**EXTRACTED DATA:**
(* Let $G\in\mathcal{P}_1(\Theta)$ be such that $\operatorname{supp}(G)$ is a non-degenerate interval. Then $G$ has a regular SBA. Furthermore, for every $n\in\mathbb{N}$ the intervals $\bar\Theta_{n,1},\ldots,\bar\Theta_{n,2^n}$ are non-degenerate and form a partition of $\operatorname{supp}(G)$.
   Context: $\Theta\subseteq\mathbb{R}$ is $\mathbb{R}$, a closed half-line, or a compact interval with nonempty interior. $\mathcal{P}_1(\Theta)$: Borel probability measures on $\Theta$ with finite first moment; $G$ is identified with its distribution function. $b_G(a_1,a_2]=\int_{(a_1,a_2]}\theta\,dG/(G(a_2)-G(a_1))$ if $G(a_2)>G(a_1)$, else $a_1$. SBA: $\mu_{1,1}=\int\theta\,dG$; for $j\ge2$, $\mu_{j,2l}=\mu_{j-1,l}$ ($1\le l\le 2^{j-1}-1$), $\mu_{j,2l-1}=b_G(\mu_{j-1,l-1},\mu_{j-1,l}]$ ($1\le l\le 2^{j-1}$), with $\mu_{j,0}=\inf\Theta$, $\mu_{j,2^j}=\sup\Theta$. $G$ has a regular level $n$ SBA if $\mu_{n,1},\ldots,\mu_{n,2^n-1}$ are distinct, and a regular SBA if this holds for all $n$. Level $n$ intervals: $\Theta_{n,1}=[\mu_{n,0},\mu_{n,1}]$ if $\mu_{n,0}>-\infty$, else $(\mu_{n,0},\mu_{n,1}]$; $\Theta_{n,l}=(\mu_{n,l-1},\mu_{n,l}]$ for $2\le l\le 2^n-1$; $\Theta_{n,2^n}=(\mu_{n,2^n-1},\mu_{n,2^n}]$ if $\mu_{n,2^n}<\infty$, else $(\mu_{n,2^n-1},\infty)$. Then $\bar\Theta_{n,1}=\Theta_{n,1}\cap\operatorname{supp}(G)$, $\bar\Theta_{n,l}=\Theta_{n,l}$ for $2\le l\le 2^n-1$, $\bar\Theta_{n,2^n}=\Theta_{n,2^n}\cap\operatorname{supp}(G)$. *)

From HB Require Import structures.
From mathcomp Require Import all_boot all_order all_algebra.
From mathcomp Require Import all_classical all_reals all_analysis.
Set Implicit Arguments. Unset Strict Implicit. Unset Printing Implicit Defensive.
Import Order.TTheory GRing.Theory Num.Theory.
Import numFieldNormedType.Exports.
Local Open Scope classical_set_scope.
Local Open Scope ring_scope.

Section SBA.
Variable R : realType.

Definition admissible_Theta (Theta : set R) : Prop :=
  Theta = setT \/
  (exists a : R, Theta = `[a, +oo[%classic) \/
  (exists a : R, Theta = `]-oo, a]%classic) \/
  (exists a b : R, a < b /\ Theta = `[a, b]%classic).

Definition in_P1 (Theta : set R) (G : probability R R) : Prop :=
  G Theta = 1%E /\ G.-integrable setT (fun x : R => x%:E).

Definition suppG (G : probability R R) : set R :=
  [set x | forall e : R, 0 < e ->
    let I := `](x - e)%R, (x + e)%R[%classic in (0 < G I)%E].

Definition nondeg_set (A : set R) : Prop :=
  exists x y, A x /\ A y /\ x < y.

Definition infT (Theta : set R) : \bar R := ereal_inf (EFin @` Theta).
Definition supT (Theta : set R) : \bar R := ereal_sup (EFin @` Theta).

Definition ocE (a1 a2 : \bar R) : set R := [set x | (a1 < x%:E)%E /\ (x%:E <= a2)%E].

Definition bG (G : probability R R) (a1 a2 : \bar R) : \bar R :=
  if (0 < G (ocE a1 a2))%E
  then (fine (\int[G]_(x in ocE a1 a2) x%:E) / fine (G (ocE a1 a2)))%:E
  else a1.

Definition meanG (G : probability R R) : \bar R := \int[G]_x x%:E.

(* sba_aux k l = mu_{k+1, l} *)
Fixpoint sba_aux (Theta : set R) (G : probability R R) (k l : nat) : \bar R :=
  match k with
  | 0 => if l == 0 then infT Theta
         else if l == 1 then meanG G else supT Theta
  | k'.+1 =>
      if l == 0 then infT Theta
      else if l == (2 ^ k.+1)%N then supT Theta
      else if odd l then bG G (sba_aux Theta G k' l./2) (sba_aux Theta G k' (l./2).+1)
      else sba_aux Theta G k' l./2
  end.

(* mu_{n,l}, for n >= 1 and 0 <= l <= 2^n *)
Definition mu (Theta : set R) (G : probability R R) (n l : nat) : \bar R :=
  sba_aux Theta G n.-1 l.

Definition regular_level (Theta : set R) (G : probability R R) (n : nat) : Prop :=
  forall l1 l2 : nat, (1 <= l1 < 2 ^ n)%N -> (1 <= l2 < 2 ^ n)%N ->
    mu Theta G n l1 = mu Theta G n l2 -> l1 = l2.

Definition regular_SBA (Theta : set R) (G : probability R R) : Prop :=
  forall n : nat, (1 <= n)%N -> regular_level Theta G n.

Definition Theta_int (Theta : set R) (G : probability R R) (n l : nat) : set R :=
  let m := mu Theta G n in
  if l == 1 then
    (if (m 0%N == -oo)%E then ocE (m 0%N) (m 1%N)
     else [set x | (m 0%N <= x%:E)%E /\ (x%:E <= m 1%N)%E])
  else if l == (2 ^ n)%N then
    (if (m (2 ^ n)%N < +oo)%E then ocE (m (2 ^ n)%N.-1) (m (2 ^ n)%N)
     else [set x | (m (2 ^ n)%N.-1 < x%:E)%E])
  else ocE (m l.-1) (m l).

Definition Theta_bar (Theta : set R) (G : probability R R) (n l : nat) : set R :=
  if (l == 1) || (l == (2 ^ n)%N) then Theta_int Theta G n l `&` suppG G
  else Theta_int Theta G n l.

End SBA.

From HB Require Import structures.
From mathcomp Require Import all_boot all_order all_algebra.
From mathcomp Require Import all_classical all_reals all_analysis.
From mathcomp Require Import measurable_realfun.
From mathcomp Require Import ring lra.
Set Implicit Arguments. Unset Strict Implicit. Unset Printing Implicit Defensive.
Import Order.TTheory GRing.Theory Num.Theory.
Import numFieldNormedType.Exports.
Local Open Scope classical_set_scope.
Local Open Scope ring_scope.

**WHAT TO WORK ON:** Look through the entries and find each line that has the string "supT". Copy those lines.

**EXERCISE RESPONSE:**
Definition supT (Theta : set R) : \bar R := ereal_sup (EFin @` Theta).
         else if l == 1 then meanG G else supT Theta
      else if l == (2 ^ k.+1)%N then supT Theta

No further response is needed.